FRANKFURT (Reuters) – Deutsche Bank plans to cut 18,000 jobs in a sweeping, 7.4 billion euro overhaul designed to turn around Germany’s struggling flagship lender.
FILE PHOTO: The Deutsche Bank headquarters are seen in Frankfurt, Germany October 29, 2015. REUTERS/Kai Pfaffenbach/File Photo
The plan represents a major retreat from trading by Deutsche Bank, which for years had tried to compete as a major force on Wall Street.
The bank will scrap its global equities business and scale back its investment bank. It expects a 2.8 billion euro ($3.1 billion) net loss in the second quarter as a result of restructuring charges.
Beyond the expected cutbacks to equities, Deutsche said it would also axe some of its fixed income operations, an area traditionally regarded as one of the bank’s strengths.
It will create a new unit to wind-down unwanted assets, with a value of 74 billion euros of risk-weighted assets.
Chief Executive Officer Christian Sewing flagged an extensive restructuring in May when he promised shareholders “tough cutbacks” to the investment bank. The pledge came after Deutsche failed to agree a merger with rival Commerzbank.
The overhaul, one of several over the past few years, signals that Deutsche is coming to terms with its failure to keep pace with Wall Street’s big hitters such as JP Morgan Chase & Co and Goldman Sachs.
Last week, the head of Deutsche’s investment bank Garth Ritchie agreed to step down, marking a sign of the division’s waning influence.
Sewing called the package the “most fundamental transformation” of the bank in decades. “This is a restart,” he said.

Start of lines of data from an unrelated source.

(* Let $y\in\tilde W$ and $s\in\tilde{\mathbb S}$ with $\ell(sy\delta(s))=\ell(y)$. If $y\mathbf a$ is a $(J,w,\delta)$-alcove (for some $J\subset\mathbb S$ with $\delta(J)=J$ and $w\in W$), then $sy\delta(s)\mathbf a$ is a $(J,\bar sw,\delta)$-alcove, where $\bar s$ is the image of $s$ in $W$.
   Context: Let $\tilde W=X_*(T)_\Gamma\rtimes W$ be the Iwahori–Weyl group of a quasi-split connected semisimple group $G$ over a local field $F$ (finite extension of $\mathbb Q_p$ or $\mathbb F_q((\epsilon))$) split over a tamely ramified extension, relative to a maximal $L$-split torus $S$ defined over $F$ with centralizer $T$, where $L$ is the completion of the maximal unramified extension of $F$ and $\Gamma=\mathrm{Gal}(\bar L/L)$. $\delta$ is the automorphism of $\tilde W$ (and of $W$) induced by the Frobenius of $L/F$. $V=X_*(T)_\Gamma\otimes\mathbb R$; $\Sigma$ is the reduced root system with affine roots $v\mapsto\langle a,v\rangle+k$ ($a\in\Sigma,k\in\mathbb Z$), $H_{a,k}=\{v:\langle a,v\rangle=k\}$, $W=W(\Sigma)$. $\mathbf a$ is a fixed $\sigma$-stable base alcove lying in the anti-dominant chamber; $\ell$ is the length function on $\tilde W$ (number of affine root hyperplanes separating $x\mathbf a$ from $\mathbf a$); $\tilde{\mathbb S}$ the simple affine reflections; $\mathbb S$ the simple roots/simple reflections of $W$ determined by the chamber; $\Sigma^+$ positive roots; for $J\subset\mathbb S$, $\Sigma_J$ roots spanned by $J$, $\Sigma_J^+=\Sigma_J\cap\Sigma^+$, $W_J$, $\tilde W_J=X_*(T)_\Gamma\rtimes W_J$. For an alcove $\mathbf b$ and $a\in\Sigma$, $k(a,\mathbf b)$ is the integer $k$ with $\mathbf b$ between $H_{a,k}$ and $H_{a,k-1}$. $x\mathbf a$ is a $(J,w,\delta)$-alcove if (1) $w^{-1}x\delta(w)\in\tilde W_J$ and (2) $k(a,x\mathbf a)\ge k(a,\mathbf a)$ for all $a\in w(\Sigma^+\setminus\Sigma_J^+)$ (this is equivalent to the group-theoretic condition $\mathbf U_a(L)\cap xIx^{-1}\subseteq\mathbf U_a(L)\cap I$ for root subgroups, with $I$ the Iwahori of $\mathbf a$). *)

From HB Require Import structures.
From mathcomp Require Import all_boot all_order all_algebra.
From mathcomp Require Import reals.
Set Implicit Arguments. Unset Strict Implicit. Unset Printing Implicit Defensive.
Import Order.TTheory GRing.Theory Num.Theory.
Local Open Scope ring_scope.
Lemma pres_comm_inv x y :
  [:: x; y] ≡ [:: y; x] -> [:: inv_letter x; y] ≡ [:: y; inv_letter x].
Proof.
move=> xy; transitivity ([:: inv_letter x] ++ [:: y; x] ++ [:: inv_letter x]).
  by symmetry; exact: (pres_cancel M [:: _; _] [::] x).
by rewrite -xy; exact: (pres_cancelV [::] [:: y; inv_letter x] x).
Qed.

Lemma tletter_comm j k b c :
  [:: tletter j b; tletter k c] ≡ [:: tletter k c; tletter j b].
Proof.
have ff j' k' : [:: tletter j' false; tletter k' false] ≡ [:: tletter k' false; tletter j' false].
  have rel : pres_rel M [:: tletter j' false; tletter k' false]
                        [:: tletter k' false; tletter j' false].
    by left; exists j', k'.
  exact: (pres_relator [::] [::] rel).
have tf j' k' : [:: tletter j' true; tletter k' false] ≡ [:: tletter k' false; tletter j' true].
  exact: (pres_comm_inv (ff j' k')).
have ft j' k' : [:: tletter j' false; tletter k' true] ≡ [:: tletter k' true; tletter j' false].
  by symmetry; exact: tf.
by case: b; case: c; [exact: (pres_comm_inv (ft j k)) | exact: tf | exact: ft | exact: ff].
Qed.

Lemma tletter_comm_gpow j b k m :
  tletter j b :: gpow (lift ord0 k) m ≡ gpow (lift ord0 k) m ++ [:: tletter j b].
Proof.
rewrite /gpow; elim: `|m|%N => [//|l IH] /=.
transitivity ([:: tletter j b; tletter k (m < 0)] ++ nseq l (tletter k (m < 0))) => //.
by rewrite tletter_comm /= IH.
Qed.

Lemma gpow_cons j b m :
  tletter j b :: gpow (lift ord0 j) m ≡ gpow (lift ord0 j) (m + (-1) ^+ b).
Proof.
case: m => l; case: b; rewrite ?expr1 ?expr0.
- case: l => [//|l]; have -> : Posz l.+1 - 1 = l by rewrite -addn1 PoszD addrK.
  exact: (pres_cancelV [::] _ (tletter j false)).
- by rewrite -PoszD addn1.
- by rewrite NegzE -opprD -PoszD addn1.
- case: l => [|l]; first exact: (pres_cancel M [::] [::] (tletter j false)).
  have -> : Negz l.+1 + 1 = Negz l by rewrite !NegzE -addn1 PoszD opprD addrNK.
  exact: (pres_cancel M [::] _ (tletter j false)).
Qed.

Definition transl_word (s : seq 'I_N) (t : 'rV[int]_N) : word n :=
  flatten [seq gpow (lift ord0 k) (t 0 k) | k <- s].
Definition transl_nf (t : 'rV[int]_N) : word n := transl_word (enum 'I_N) t.

Lemma eq_transl_word (s : seq 'I_N) (t t' : 'rV[int]_N) :
  {in s, forall k, t 0 k = t' 0 k} -> transl_word s t = transl_word s t'.
Proof. by move=> tt'; congr flatten; apply/eq_in_map => k /tt' ->. Qed.

Lemma transl_word_consE k (s : seq 'I_N) (t : 'rV[int]_N) :
  transl_word (k :: s) t = gpow (lift ord0 k) (t 0 k) ++ transl_word s t.
Proof. by []. Qed.

Lemma transl_word_cons j b (s : seq 'I_N) (t : 'rV[int]_N) : uniq s -> j \in s ->
  tletter j b :: transl_word s t ≡ transl_word s (t + (-1) ^+ b *: 'e_j).
Proof.
elim: s => [//|k s IH]; rewrite cons_uniq => /andP[ks us].
rewrite in_cons !transl_word_consE -cat_cons.
case/predU1P=> [jk|js]; first subst k.
  rewrite gpow_cons !mxE !eqxx mulr1 (@eq_transl_word s _ t) // => k' k's.
  by rewrite !mxE /=; case: eqP => [k'j|]; [move: ks; rewrite -k'j k's | rewrite mulr0 addr0].
have kj : k != j by apply: contraNneq ks => ->.
by rewrite tletter_comm_gpow -catA /= IH // !mxE (negbTE kj) mulr0 addr0.
Qed.

Definition letter_vec (x : letter n) : 'rV[int]_N :=
  if unlift ord0 x.1 is Some k then (-1) ^+ x.2 *: 'e_k else 0.
Definition expvec (w : word n) : 'rV[int]_N := \sum_(x <- w) letter_vec x.
Definition is_transl (w : word n) : bool := all (fun x : letter n => x.1 != ord0) w.

Lemma letter_vec_tletter j b : letter_vec (tletter j b) = (-1) ^+ b *: 'e_j.
Proof. by rewrite /letter_vec liftK. Qed.

Lemma tletterP (x : letter n) : x.1 != ord0 -> exists j, x = tletter j x.2.
Proof. by case: x => g b /=; rewrite eq_sym => /unlift_some[j -> _]; exists j. Qed.

Lemma transl_nf_cons x t : x.1 != ord0 ->
  x :: transl_nf t ≡ transl_nf (letter_vec x + t).
Proof.
case/tletterP=> j ->; rewrite letter_vec_tletter addrC.
by apply: transl_word_cons; rewrite ?enum_uniq ?mem_enum.
Qed.
(* Let $P$ be a poset, $\mathcal F$ a standard collection of upsets and $\mathcal I$ a standard collection of downsets of $P$ (treated as disjoint sets), and suppose there exists a canonical extension $e:P\to C$ of $P$ with respect to $(\mathcal F,\mathcal I)$. Order $\mathcal F$ by reverse inclusion and $\mathcal I$ by inclusion, let $e_{\mathcal F}(p)=p^\uparrow$ and $e_{\mathcal I}(p)=p^\downarrow$, and let $R_l\subseteq\mathcal F\times\mathcal I$ be defined by $F\,R_l\,I$ iff $e_{\mathcal F}^{-1}(F^\uparrow)\cap e_{\mathcal I}^{-1}(I^\downarrow)\ne\emptyset$ (equivalently, $F\cap I\neq\emptyset$). Then $(e_{\mathcal F},e_{\mathcal I},R_l)$ is a Galois polarity.
   Context: For an element $q$ of a poset, $q^\uparrow=\{q'\ge q\}$, $q^\downarrow=\{q'\le q\}$; $e^{-1}(Z)=\{p:e(p)\in Z\}$. A collection of upsets (downsets) of $P$ is standard if it contains all $p^\uparrow$ (all $p^\downarrow$). A completion is an order-embedding into a complete lattice. A canonical extension of $P$ w.r.t. $(\mathcal F,\mathcal I)$ is a completion $e:P\to C$ such that every $z\in C$ satisfies $z=\bigvee\{\bigwedge e[F]:F\in\mathcal F,\bigwedge e[F]\le z\}=\bigwedge\{\bigvee e[I]:I\in\mathcal I,\bigvee e[I]\ge z\}$, and such that $\bigwedge e[F]\le\bigvee e[I]$ with $F\in\mathcal F,I\in\mathcal I$ implies $F\cap I\ne\emptyset$. A meet-extension is an order-embedding $e:P\to X$ with $x=\bigwedge e[e^{-1}(x^\uparrow)]$ for all $x$; a join-extension dually. A Galois polarity is a triple $(e_X,e_Y,R)$ where $e_X:P\to X$ is a meet-extension, $e_Y:P\to Y$ a join-extension, $X,Y$ disjoint, $R\subseteq X\times Y$, such that there is a quasiorder $\preceq$ on $X\cup Y$ with: for $x\in X,y\in Y$, $x\preceq y$ iff $xRy$; and, writing $X\uplus_\preceq Y$ for the poset induced by $\preceq$ and $\iota_X,\iota_Y$ for the maps induced by inclusion, $\iota_X$ and $\iota_Y$ are order-embeddings, $\iota_X\circ e_X=\iota_Y\circ e_Y$, for every $S\subseteq P$ with $\bigwedge e_X[S]$ existing in $X$ we have $\iota_X(\bigwedge e_X[S])=\bigwedge\iota_X\circ e_X[S]$, and for every $T\subseteq P$ with $\bigvee e_Y[T]$ existing in $Y$ we have $\iota_Y(\bigvee e_Y[T])=\bigvee\iota_Y\circ e_Y[T]$. *)

Set Implicit Arguments.

Section Order.
Variable T : Type.
Variable le : T -> T -> Prop.

Definition is_preorder : Prop :=
  (forall x, le x x) /\ (forall x y z, le x y -> le y z -> le x z).

Definition is_partial_order : Prop :=
  is_preorder /\ (forall x y, le x y -> le y x -> x = y).

(* m is a greatest lower bound of S (in a preorder this is exactly the
   statement that the class of m is the meet in the induced poset) *)
Definition is_glb (S : T -> Prop) (m : T) : Prop :=
  (forall s, S s -> le m s) /\ (forall z, (forall s, S s -> le z s) -> le z m).

Definition is_lub (S : T -> Prop) (m : T) : Prop :=
  (forall s, S s -> le s m) /\ (forall z, (forall s, S s -> le s z) -> le m z).

Definition is_complete_lattice : Prop :=
  is_partial_order /\
  (forall S : T -> Prop, exists m, is_glb S m) /\
  (forall S : T -> Prop, exists m, is_lub S m).

Definition is_upset (U : T -> Prop) : Prop := forall x y, U x -> le x y -> U y.
Definition is_downset (D : T -> Prop) : Prop := forall x y, D y -> le x y -> D x.

Definition up (q : T) : T -> Prop := fun q' => le q q'.
Definition down (q : T) : T -> Prop := fun q' => le q' q.
End Order.

Definition image {A B : Type} (f : A -> B) (S : A -> Prop) : B -> Prop :=
  fun b => exists a, S a /\ b = f a.
Definition preimage {A B : Type} (f : A -> B) (Z : B -> Prop) : A -> Prop :=
  fun a => Z (f a).

Definition order_embedding {A B : Type} (leA : A -> A -> Prop)
  (leB : B -> B -> Prop) (f : A -> B) : Prop :=
  forall a a', leA a a' <-> leB (f a) (f a').

Definition completion {P C : Type} (leP : P -> P -> Prop) (leC : C -> C -> Prop)
  (e : P -> C) : Prop :=
  is_complete_lattice leC /\ order_embedding leP leC e.

Definition canonical_extension {P C : Type} (leP : P -> P -> Prop)
  (F I : (P -> Prop) -> Prop) (leC : C -> C -> Prop) (e : P -> C) : Prop :=
  completion leP leC e /\
  (forall z : C,
     is_lub leC (fun a => exists U, F U /\ is_glb leC (image e U) a /\ leC a z) z) /\
  (forall z : C,
     is_glb leC (fun b => exists D, I D /\ is_lub leC (image e D) b /\ leC z b) z) /\
  (forall U D a b, F U -> I D -> is_glb leC (image e U) a ->
     is_lub leC (image e D) b -> leC a b -> exists p, U p /\ D p).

Media reports had suggested that Deutsche Bank could cut as many as 20,000 jobs — more than one in five of its 91,500 employees.
In the event, the bank said it would reduce headcount to 74,000 employees by 2022.
The bank did not disclose a geographic breakdown of the job cuts. The equities business is focused largely in New York and London.
A person with direct knowledge of the matter said job cuts would be distributed around the world, including in Germany.
The bank’s supervisory board met on Sunday to agree the proposed changes, one of the biggest announcements of job cuts at a major investment bank since 2011 when HSBC said it would axe 30,000 jobs.
Stephan Szukalski, head of the DBV union, told Reuters that the measures were in the right direction.
“This could be a real new beginning for Deutsche Bank,” said Szukalski, who also sits on the bank’s supervisory board.